Report every line below that holds the word "first".

━━━━━━━━━━━━━━━━

Lemma scale_pair_row l cc c0 :
  l *: pair_row cc c0 = pair_row (fun u v => l * cc u v) (l * c0).
Proof. by apply/rowP => k; rewrite !mxE; case: unlift. Qed.

End PairForms.

Section RankOrders.
Variables (R : realFieldType) (n : nat).

Definition rank_order (r : 'I_n -> nat) : relN n := [ffun p => (r p.2 <= r p.1)%N].

Lemma rank_order_weak r : is_weak_order (rank_order r).
Proof.
split=> [i|]; first by rewrite ffunE.
split=> [i j k|i j]; rewrite !ffunE /=; last exact: leq_total.
by move=> le_ji le_kj; apply: leq_trans le_kj le_ji.
Qed.

Lemma pair_form_rank_order cc r : (forall u, cc u u = 0) ->
  pair_form cc (charvec R (rank_order r)) = \sum_u \sum_v cc u v * (r v <= r u)%:R.
Proof.
move=> cc_diag; apply: eq_bigr => u _; apply: eq_bigr => v _.
have [->|neq_uv] := eqVneq u v; first by rewrite cc_diag !mul0r.
by rewrite xc_charvec // ffunE.
Qed.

━━━━━━━━━━━━━━━━

Final answer:
split=> [i|]; first by rewrite ffunE.
have [->|neq_uv] := eqVneq u v; first by rewrite cc_diag !mul0r.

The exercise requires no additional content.